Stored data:
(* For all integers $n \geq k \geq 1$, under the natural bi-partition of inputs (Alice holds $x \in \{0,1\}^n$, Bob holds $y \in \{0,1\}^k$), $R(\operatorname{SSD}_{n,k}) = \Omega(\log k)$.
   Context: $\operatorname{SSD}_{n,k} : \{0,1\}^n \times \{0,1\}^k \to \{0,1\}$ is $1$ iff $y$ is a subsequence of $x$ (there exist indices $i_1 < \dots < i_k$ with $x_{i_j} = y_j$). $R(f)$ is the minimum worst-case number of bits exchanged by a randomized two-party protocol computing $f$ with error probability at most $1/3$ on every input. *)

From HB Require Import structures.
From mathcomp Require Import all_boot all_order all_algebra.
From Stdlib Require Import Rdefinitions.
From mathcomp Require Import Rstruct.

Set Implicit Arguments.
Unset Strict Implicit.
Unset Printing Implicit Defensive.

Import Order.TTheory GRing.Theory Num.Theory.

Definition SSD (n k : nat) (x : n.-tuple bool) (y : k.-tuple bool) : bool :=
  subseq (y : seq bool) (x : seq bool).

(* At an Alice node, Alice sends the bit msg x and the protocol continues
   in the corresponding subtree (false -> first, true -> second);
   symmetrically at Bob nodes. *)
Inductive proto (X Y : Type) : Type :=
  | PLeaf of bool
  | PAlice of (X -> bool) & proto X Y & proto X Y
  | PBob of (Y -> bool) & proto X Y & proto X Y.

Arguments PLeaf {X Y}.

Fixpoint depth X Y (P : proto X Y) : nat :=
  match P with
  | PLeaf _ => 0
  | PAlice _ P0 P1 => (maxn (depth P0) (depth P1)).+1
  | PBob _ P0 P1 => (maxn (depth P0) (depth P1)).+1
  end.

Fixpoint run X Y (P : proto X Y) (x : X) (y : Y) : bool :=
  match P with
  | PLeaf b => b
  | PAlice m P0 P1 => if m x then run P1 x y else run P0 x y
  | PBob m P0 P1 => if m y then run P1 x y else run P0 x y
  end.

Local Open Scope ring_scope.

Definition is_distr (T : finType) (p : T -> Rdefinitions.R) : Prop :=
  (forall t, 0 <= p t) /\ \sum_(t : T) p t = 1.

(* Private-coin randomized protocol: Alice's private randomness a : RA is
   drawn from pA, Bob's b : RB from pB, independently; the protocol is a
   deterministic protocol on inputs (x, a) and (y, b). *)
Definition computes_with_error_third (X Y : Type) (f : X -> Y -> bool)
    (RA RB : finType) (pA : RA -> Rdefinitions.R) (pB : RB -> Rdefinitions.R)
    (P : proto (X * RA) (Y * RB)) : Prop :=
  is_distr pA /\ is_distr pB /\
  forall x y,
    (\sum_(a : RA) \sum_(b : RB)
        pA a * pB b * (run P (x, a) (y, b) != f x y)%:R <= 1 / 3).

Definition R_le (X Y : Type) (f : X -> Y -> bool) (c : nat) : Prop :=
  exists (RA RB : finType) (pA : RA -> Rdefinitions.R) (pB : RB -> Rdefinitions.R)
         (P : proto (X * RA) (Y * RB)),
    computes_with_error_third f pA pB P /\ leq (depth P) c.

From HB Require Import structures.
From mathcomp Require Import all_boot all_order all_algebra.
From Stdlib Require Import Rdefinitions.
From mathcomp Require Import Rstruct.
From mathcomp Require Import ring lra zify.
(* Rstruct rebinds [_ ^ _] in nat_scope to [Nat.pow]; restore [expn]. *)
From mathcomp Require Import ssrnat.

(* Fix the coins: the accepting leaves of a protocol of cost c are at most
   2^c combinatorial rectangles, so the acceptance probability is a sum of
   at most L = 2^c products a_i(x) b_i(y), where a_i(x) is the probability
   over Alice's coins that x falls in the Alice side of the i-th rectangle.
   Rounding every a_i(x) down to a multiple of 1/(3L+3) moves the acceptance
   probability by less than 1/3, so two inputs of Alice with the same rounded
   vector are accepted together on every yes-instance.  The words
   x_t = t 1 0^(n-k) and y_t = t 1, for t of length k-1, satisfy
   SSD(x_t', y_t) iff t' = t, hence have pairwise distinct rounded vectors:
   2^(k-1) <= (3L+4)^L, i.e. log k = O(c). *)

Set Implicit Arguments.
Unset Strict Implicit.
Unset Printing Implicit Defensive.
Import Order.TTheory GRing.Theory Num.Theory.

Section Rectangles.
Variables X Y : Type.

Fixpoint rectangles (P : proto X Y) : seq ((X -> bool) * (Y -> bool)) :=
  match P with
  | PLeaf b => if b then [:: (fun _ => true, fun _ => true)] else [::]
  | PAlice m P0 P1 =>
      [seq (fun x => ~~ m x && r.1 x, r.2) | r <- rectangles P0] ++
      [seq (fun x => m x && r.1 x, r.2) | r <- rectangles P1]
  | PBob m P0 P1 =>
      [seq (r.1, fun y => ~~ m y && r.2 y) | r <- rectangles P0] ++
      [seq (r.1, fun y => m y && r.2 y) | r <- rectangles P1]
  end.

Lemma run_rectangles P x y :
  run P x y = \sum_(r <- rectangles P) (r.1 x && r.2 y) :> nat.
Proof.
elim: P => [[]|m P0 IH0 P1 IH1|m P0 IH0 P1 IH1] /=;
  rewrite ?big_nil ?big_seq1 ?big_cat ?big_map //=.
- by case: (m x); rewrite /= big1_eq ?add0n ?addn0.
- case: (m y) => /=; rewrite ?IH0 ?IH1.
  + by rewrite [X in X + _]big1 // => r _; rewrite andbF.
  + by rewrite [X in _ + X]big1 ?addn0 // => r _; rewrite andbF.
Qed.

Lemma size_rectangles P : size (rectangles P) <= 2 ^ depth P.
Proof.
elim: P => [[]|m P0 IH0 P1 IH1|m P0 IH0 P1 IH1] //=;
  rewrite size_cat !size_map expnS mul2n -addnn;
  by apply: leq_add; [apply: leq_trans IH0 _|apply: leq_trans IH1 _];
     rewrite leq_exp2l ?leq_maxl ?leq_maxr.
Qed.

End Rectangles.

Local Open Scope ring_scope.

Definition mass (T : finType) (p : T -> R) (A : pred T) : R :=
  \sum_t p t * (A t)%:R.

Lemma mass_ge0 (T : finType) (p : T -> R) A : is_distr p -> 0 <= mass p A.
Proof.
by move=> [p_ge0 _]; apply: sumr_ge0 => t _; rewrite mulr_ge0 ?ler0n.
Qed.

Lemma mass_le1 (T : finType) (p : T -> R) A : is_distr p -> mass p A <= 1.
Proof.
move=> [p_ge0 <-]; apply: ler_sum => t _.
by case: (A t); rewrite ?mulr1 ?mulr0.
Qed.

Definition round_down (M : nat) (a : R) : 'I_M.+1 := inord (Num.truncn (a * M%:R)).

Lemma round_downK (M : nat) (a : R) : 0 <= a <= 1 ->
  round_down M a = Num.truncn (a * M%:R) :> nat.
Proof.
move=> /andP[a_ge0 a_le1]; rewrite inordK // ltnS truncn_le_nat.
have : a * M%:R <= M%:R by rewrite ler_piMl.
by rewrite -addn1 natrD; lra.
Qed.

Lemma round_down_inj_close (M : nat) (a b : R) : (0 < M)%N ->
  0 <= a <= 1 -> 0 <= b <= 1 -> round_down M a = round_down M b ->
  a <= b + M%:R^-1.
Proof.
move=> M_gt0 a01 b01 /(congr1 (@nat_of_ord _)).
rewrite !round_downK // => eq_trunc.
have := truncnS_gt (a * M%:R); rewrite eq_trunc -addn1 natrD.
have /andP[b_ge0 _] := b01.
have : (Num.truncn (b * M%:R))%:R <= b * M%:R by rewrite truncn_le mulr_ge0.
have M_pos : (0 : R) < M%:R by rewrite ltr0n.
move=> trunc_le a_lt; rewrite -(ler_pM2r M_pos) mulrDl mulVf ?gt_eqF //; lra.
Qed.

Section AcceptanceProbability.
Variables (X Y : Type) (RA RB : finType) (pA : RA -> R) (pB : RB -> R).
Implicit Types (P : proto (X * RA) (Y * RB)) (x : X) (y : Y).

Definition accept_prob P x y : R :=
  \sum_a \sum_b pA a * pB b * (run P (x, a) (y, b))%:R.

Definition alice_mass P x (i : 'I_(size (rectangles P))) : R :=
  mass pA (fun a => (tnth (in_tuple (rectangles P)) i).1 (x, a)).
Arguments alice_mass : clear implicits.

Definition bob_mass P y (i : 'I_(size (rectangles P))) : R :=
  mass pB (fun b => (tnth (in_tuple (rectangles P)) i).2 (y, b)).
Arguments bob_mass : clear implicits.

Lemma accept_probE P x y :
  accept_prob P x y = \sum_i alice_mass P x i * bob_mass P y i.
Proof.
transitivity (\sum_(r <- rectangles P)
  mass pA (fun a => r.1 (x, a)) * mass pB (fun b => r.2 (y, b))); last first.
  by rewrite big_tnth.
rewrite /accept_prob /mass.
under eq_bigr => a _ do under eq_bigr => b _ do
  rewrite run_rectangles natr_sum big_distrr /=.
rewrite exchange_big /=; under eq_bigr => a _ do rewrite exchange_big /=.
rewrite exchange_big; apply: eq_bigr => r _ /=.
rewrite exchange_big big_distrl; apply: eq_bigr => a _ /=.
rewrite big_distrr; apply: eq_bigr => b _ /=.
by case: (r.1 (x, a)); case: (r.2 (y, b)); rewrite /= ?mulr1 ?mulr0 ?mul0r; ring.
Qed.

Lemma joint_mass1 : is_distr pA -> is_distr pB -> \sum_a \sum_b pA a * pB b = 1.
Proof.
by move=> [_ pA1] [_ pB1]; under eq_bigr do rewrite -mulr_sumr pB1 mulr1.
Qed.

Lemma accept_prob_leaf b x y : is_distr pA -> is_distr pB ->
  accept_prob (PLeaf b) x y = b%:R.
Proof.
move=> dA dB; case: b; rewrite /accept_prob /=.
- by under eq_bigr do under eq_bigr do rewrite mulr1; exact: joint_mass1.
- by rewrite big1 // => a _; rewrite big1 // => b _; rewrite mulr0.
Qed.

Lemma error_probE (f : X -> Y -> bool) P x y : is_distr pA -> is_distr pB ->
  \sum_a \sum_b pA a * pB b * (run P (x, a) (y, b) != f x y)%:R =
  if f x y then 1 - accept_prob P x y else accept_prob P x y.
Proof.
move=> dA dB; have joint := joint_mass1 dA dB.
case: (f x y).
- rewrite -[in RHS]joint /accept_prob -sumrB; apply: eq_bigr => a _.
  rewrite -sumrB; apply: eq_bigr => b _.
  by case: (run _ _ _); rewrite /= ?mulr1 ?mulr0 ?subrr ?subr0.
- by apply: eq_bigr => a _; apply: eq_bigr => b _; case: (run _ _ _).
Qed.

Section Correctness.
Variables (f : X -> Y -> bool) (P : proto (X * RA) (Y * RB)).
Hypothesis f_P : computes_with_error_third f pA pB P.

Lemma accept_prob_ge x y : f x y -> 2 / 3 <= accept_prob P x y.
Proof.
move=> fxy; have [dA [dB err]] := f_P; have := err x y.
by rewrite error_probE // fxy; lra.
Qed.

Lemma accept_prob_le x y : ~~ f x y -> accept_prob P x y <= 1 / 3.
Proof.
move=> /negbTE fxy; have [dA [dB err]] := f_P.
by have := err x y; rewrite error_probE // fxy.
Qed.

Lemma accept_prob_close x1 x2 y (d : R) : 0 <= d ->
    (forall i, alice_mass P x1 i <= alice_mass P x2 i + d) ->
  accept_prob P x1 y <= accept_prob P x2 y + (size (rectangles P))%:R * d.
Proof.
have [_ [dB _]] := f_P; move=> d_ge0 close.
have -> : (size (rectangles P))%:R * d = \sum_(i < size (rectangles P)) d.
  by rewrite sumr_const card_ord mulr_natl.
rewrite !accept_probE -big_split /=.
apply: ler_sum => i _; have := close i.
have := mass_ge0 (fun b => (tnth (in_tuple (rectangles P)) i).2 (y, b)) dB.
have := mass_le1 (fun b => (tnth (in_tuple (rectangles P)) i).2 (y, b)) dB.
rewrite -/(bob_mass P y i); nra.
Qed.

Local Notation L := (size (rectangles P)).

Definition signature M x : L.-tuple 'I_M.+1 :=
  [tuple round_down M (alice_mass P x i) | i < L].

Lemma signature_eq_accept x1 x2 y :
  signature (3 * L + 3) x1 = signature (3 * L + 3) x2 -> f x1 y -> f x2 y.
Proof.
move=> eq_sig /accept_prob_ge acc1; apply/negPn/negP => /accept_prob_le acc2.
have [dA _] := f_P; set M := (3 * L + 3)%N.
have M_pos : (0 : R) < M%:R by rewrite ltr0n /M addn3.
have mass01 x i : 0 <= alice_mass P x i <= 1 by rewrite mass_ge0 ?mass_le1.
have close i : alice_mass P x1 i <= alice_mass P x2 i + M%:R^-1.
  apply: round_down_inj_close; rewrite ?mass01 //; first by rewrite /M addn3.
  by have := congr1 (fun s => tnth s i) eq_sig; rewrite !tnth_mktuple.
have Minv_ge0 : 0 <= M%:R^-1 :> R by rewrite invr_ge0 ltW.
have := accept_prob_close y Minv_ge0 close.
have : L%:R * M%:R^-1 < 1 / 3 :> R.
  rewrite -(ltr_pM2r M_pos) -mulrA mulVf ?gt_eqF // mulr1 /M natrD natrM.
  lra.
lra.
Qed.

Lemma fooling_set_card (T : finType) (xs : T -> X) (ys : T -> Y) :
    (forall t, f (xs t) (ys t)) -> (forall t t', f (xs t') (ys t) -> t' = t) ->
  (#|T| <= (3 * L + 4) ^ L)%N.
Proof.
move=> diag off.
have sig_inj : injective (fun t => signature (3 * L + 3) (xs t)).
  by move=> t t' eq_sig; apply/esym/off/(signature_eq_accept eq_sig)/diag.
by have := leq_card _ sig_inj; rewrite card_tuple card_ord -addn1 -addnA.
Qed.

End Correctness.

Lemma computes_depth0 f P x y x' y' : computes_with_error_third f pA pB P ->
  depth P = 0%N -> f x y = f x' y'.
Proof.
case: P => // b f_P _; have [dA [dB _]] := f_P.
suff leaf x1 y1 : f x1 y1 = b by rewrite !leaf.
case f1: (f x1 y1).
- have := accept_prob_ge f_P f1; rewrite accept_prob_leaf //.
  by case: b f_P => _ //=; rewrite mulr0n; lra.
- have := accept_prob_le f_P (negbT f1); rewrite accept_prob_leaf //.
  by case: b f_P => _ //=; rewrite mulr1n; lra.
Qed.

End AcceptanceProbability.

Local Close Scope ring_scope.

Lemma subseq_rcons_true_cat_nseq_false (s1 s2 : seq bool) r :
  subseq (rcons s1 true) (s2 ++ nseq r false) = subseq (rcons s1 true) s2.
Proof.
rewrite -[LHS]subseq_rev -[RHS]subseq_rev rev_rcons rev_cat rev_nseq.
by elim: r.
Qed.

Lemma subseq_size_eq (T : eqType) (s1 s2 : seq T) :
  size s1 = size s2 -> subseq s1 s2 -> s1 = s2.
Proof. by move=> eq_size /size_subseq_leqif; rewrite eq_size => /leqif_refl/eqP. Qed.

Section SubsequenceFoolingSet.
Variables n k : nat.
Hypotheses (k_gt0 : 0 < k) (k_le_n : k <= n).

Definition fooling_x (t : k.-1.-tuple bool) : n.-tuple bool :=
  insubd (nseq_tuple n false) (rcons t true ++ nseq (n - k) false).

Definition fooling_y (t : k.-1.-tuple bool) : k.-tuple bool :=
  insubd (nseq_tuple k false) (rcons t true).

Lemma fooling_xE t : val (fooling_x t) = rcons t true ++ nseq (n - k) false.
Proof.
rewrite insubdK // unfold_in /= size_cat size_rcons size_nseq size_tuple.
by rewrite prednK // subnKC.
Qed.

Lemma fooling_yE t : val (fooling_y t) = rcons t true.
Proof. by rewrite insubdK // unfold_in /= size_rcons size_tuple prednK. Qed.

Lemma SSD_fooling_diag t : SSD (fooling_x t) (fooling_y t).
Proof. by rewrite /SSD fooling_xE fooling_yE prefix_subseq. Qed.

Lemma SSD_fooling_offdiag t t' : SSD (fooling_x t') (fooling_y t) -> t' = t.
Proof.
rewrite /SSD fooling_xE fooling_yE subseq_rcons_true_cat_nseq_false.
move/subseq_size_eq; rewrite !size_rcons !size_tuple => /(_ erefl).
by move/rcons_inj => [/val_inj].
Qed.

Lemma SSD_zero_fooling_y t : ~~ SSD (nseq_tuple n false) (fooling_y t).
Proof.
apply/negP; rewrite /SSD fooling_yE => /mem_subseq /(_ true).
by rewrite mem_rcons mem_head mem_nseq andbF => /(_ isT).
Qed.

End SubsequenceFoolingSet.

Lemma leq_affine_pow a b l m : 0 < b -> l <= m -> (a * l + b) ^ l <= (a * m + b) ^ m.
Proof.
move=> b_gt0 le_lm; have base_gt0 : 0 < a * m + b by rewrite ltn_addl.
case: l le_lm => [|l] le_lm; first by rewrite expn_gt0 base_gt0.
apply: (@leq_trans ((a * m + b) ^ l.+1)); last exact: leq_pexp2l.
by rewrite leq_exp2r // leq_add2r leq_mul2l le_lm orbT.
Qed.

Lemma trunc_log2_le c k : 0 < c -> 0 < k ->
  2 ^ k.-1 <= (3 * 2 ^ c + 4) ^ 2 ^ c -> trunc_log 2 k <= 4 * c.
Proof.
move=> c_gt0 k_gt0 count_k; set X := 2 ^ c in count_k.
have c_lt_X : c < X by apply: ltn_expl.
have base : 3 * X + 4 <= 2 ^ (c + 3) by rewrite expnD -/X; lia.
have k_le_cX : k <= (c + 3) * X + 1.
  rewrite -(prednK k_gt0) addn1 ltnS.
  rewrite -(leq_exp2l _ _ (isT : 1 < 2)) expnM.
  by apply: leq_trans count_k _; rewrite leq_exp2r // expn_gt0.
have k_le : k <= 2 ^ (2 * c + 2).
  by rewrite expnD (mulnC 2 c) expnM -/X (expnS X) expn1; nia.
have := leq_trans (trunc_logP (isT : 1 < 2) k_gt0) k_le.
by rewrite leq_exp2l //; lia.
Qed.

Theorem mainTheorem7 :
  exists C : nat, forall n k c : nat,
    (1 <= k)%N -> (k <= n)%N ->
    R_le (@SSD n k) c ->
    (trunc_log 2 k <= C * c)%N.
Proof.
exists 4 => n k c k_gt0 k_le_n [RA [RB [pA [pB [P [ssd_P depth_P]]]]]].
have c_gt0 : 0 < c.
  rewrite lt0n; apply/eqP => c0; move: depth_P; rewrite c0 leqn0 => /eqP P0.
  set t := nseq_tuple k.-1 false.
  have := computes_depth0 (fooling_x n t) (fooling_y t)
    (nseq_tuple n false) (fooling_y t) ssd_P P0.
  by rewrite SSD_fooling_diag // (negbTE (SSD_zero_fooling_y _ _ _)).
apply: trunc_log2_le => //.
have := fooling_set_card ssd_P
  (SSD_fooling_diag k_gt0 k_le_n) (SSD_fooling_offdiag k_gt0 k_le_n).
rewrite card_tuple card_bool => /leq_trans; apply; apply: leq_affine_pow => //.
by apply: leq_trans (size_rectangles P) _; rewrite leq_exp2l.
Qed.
--
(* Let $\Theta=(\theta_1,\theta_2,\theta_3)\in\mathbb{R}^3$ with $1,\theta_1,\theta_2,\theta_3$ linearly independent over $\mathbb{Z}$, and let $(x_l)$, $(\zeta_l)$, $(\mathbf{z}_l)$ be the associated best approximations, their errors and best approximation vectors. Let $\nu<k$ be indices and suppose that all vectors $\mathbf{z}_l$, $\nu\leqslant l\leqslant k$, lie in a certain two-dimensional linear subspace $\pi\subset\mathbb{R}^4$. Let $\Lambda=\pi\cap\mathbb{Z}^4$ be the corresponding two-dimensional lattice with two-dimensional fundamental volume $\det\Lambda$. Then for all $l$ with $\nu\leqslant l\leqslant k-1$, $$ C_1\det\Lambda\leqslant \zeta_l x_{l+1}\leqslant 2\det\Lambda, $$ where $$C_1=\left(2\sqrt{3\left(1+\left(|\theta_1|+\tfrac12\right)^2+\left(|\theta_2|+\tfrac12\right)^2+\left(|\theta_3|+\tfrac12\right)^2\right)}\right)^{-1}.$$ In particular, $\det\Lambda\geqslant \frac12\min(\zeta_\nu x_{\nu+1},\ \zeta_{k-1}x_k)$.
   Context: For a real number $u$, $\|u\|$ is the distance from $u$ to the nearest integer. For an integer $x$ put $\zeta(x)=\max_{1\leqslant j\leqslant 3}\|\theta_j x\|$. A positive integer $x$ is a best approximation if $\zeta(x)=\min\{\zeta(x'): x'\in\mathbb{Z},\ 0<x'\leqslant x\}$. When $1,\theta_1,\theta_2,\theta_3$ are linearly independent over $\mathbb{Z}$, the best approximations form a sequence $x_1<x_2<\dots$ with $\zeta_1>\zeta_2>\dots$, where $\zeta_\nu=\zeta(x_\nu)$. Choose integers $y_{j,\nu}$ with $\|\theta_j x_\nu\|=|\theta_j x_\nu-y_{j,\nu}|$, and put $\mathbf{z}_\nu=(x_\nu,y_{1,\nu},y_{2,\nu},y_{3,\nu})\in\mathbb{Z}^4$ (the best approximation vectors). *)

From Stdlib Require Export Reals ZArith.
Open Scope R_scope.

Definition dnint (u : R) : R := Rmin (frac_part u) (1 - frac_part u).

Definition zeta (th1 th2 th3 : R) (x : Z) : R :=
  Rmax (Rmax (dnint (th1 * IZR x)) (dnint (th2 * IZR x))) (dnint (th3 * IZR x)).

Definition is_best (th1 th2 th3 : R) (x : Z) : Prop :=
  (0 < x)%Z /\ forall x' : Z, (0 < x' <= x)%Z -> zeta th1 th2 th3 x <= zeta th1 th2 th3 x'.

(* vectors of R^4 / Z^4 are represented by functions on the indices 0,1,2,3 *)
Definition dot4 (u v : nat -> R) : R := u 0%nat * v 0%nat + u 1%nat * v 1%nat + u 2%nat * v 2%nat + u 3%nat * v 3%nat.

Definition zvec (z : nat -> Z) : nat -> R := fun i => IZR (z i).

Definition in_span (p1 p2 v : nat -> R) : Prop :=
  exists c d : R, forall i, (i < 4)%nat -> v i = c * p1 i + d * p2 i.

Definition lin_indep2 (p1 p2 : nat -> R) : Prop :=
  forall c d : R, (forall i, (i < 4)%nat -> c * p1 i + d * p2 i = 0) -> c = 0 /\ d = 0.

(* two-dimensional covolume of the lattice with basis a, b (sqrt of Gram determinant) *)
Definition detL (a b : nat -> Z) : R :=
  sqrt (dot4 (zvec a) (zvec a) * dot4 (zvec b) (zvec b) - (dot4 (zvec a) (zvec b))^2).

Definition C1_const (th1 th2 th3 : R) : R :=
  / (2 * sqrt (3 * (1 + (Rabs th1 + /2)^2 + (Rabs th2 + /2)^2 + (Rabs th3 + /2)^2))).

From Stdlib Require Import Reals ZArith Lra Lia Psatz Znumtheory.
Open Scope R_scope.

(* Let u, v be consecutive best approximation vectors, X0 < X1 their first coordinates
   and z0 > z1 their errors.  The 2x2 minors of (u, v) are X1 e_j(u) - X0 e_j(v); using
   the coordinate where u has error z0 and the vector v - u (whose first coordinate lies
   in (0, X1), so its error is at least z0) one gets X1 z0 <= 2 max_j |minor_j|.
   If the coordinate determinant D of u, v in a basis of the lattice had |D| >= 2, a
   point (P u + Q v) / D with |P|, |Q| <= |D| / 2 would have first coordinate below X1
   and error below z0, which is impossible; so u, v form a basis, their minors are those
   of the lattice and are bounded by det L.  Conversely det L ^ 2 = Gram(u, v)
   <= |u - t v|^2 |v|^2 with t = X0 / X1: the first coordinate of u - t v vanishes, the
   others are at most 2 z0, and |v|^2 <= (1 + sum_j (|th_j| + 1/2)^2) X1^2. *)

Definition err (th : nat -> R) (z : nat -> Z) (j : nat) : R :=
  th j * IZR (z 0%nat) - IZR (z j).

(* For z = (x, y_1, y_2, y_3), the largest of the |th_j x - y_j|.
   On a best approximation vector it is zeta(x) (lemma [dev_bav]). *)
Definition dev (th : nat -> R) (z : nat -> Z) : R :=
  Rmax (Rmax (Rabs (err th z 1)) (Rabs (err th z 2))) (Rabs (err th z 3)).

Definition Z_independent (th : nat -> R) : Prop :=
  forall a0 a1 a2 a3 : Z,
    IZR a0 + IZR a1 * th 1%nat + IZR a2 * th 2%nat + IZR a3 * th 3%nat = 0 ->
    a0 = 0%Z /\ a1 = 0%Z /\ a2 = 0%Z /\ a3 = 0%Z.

Required work:
Copy each line from the records above that includes the string "mulVf".

Task answer:
move=> trunc_le a_lt; rewrite -(ler_pM2r M_pos) mulrDl mulVf ?gt_eqF //; lra.
  rewrite -(ltr_pM2r M_pos) -mulrA mulVf ?gt_eqF // mulr1 /M natrD natrM.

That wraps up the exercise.